- _Assignment_
State how many lines in the records hold the word "Implicit", giving the number and no other text.

- _Information supplied_
(* In the consistent-read iteration defined in the context with step size $\beta=1$, any deterministic $x_0$, any integer $\tau\ge0$ and any deterministic $k(j)$ with $j-\tau\le k(j)\le j$, let $\rho=\max_l\frac1n\sum_{r=1}^n|A_{lr}|$. Then for every $j\ge0$ \[E_{j+1}\le E_j-(1-\rho\tau)\,\mathbb{E}\big[(x_{k(j)}-x^\star,d_j)_A^2\big]+\rho\sum_{t=k(j)}^{j-1}\mathbb{E}\big[(x_{k(t)}-x^\star,d_t)_A^2\big],\] and consequently for every $m\ge1$ \[E_m\le E_0-(1-2\rho\tau)\sum_{i=0}^{m-1}\mathbb{E}\big[(x_{k(i)}-x^\star,d_i)_A^2\big].\]
   Context: Let $n\ge2$ and let $A\in\mathbb{R}^{n\times n}$ be symmetric positive definite with all diagonal entries equal to $1$; let $b\in\mathbb{R}^n$ and $x^\star=A^{-1}b$. Write $(x,y)_A=y^TAx$ and $\|x\|_A=\sqrt{(x,x)_A}$; $e^{(1)},\dots,e^{(n)}$ are the standard basis vectors. Consistent-read iteration: let $d_0,d_1,\dots$ be i.i.d. random vectors, each uniformly distributed on $\{e^{(1)},\dots,e^{(n)}\}$; let $\tau\ge0$ be an integer and $k(0),k(1),\dots$ deterministic integers with $j-\tau\le k(j)\le j$; given $x_0\in\mathbb{R}^n$ and a step size $\beta$, define for $j\ge0$ \[\gamma_j=(x^\star-x_{k(j)},d_j)_A,\qquad x_{j+1}=x_j+\beta\gamma_jd_j.\] Define $E_m=\mathbb{E}[\|x_m-x^\star\|_A^2]$. An empty sum is zero. *)

From HB Require Import structures.
From mathcomp Require Import all_boot all_order all_algebra.
Set Implicit Arguments. Unset Strict Implicit. Unset Printing Implicit Defensive.
Import Order.TTheory GRing.Theory Num.Theory.
Local Open Scope ring_scope.

Section Defs.
Variable R : realFieldType.
Variable n : nat.

Definition ipA (A : 'M[R]_n) (x y : 'cV[R]_n) : R := (y^T *m A *m x) 0 0.

(* standard basis vector e^(i+1), index i in {0..n-1} (as a nat) *)
Definition evec (i : nat) : 'cV[R]_n := \col_(r < n) (r == i :> nat)%:R.

(* Given a realisation d : nat -> nat of the indices of d_0, d_1, ...
   (d_j = e^(d j)), hist ... j is the list [x_0; ...; x_j]. *)
Fixpoint hist (A : 'M[R]_n) (xs x0 : 'cV[R]_n) (beta : R) (k : nat -> nat)
    (d : nat -> nat) (j : nat) : seq 'cV[R]_n :=
  match j with
  | 0 => [:: x0]
  | j'.+1 =>
      let h := hist A xs x0 beta k d j' in
      let xk := nth 0 h (k j') in
      let gamma := ipA A (xs - xk) (evec (d j')) in
      rcons h (last x0 h + (beta * gamma) *: evec (d j'))
  end.

Definition iterate (A : 'M[R]_n) (xs x0 : 'cV[R]_n) (beta : R) (k : nat -> nat)
    (j : nat) (d : nat -> nat) : 'cV[R]_n :=
  nth 0 (hist A xs x0 beta k d j) j.

(* Expectation of a functional f of the first N draws d_0..d_{N-1}, which are
   i.i.d. uniform on {0..n-1}: the average over all N-tuples. *)
Definition Exp (N : nat) (f : (nat -> nat) -> R) : R :=
  (n%:R ^+ N)^-1 *
  \sum_(t : N.-tuple 'I_n) f (fun j => nth 0%N [seq nat_of_ord i | i <- t] j).

Definition rhoA (A : 'M[R]_n) : R :=
  \big[Num.max/0]_(l < n) (n%:R^-1 * \sum_(r < n) `|A l r|).
End Defs.

(* Write e_j = x_j - x* for the error and s_j = (e_{k(j)}, d_j)_A for the stale
   residual used at step j, so that e_{j+1} = e_j - s_j d_j.  Telescoping from
   k(j) to j and using (d_j, d_j)_A = A_ii = 1 yields the exact identity
     |e_{j+1}|_A^2 = |e_j|_A^2 - s_j^2 + 2 s_j sum_{k(j)<=t<j} s_t (d_t, d_j)_A.
   Bounding 2 s_j s_t c <= (s_j^2 + s_t^2)|c| and averaging, in each cross term,
   over the single independent uniform direction that s_j^2 resp. s_t^2 does
   not depend on (d_t resp. d_j), replaces |c| = |A_{d_j d_t}| by a row or
   column mean of |A|, hence by rho; this gives the one-step bound.  Summing
   the one-step bound over j < m and noting that each t lies in the window
   [k(i), i) of at most tau indices i gives the cumulative bound. *)
From HB Require Import structures.
From mathcomp Require Import all_boot all_order all_algebra.
From mathcomp Require Import ring lra zify.
From Stdlib Require Import FunctionalExtensionality.
Import Order.TTheory GRing.Theory Num.Theory.
Local Open Scope ring_scope.
Set Implicit Arguments. Unset Strict Implicit.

- _Exercise response_
2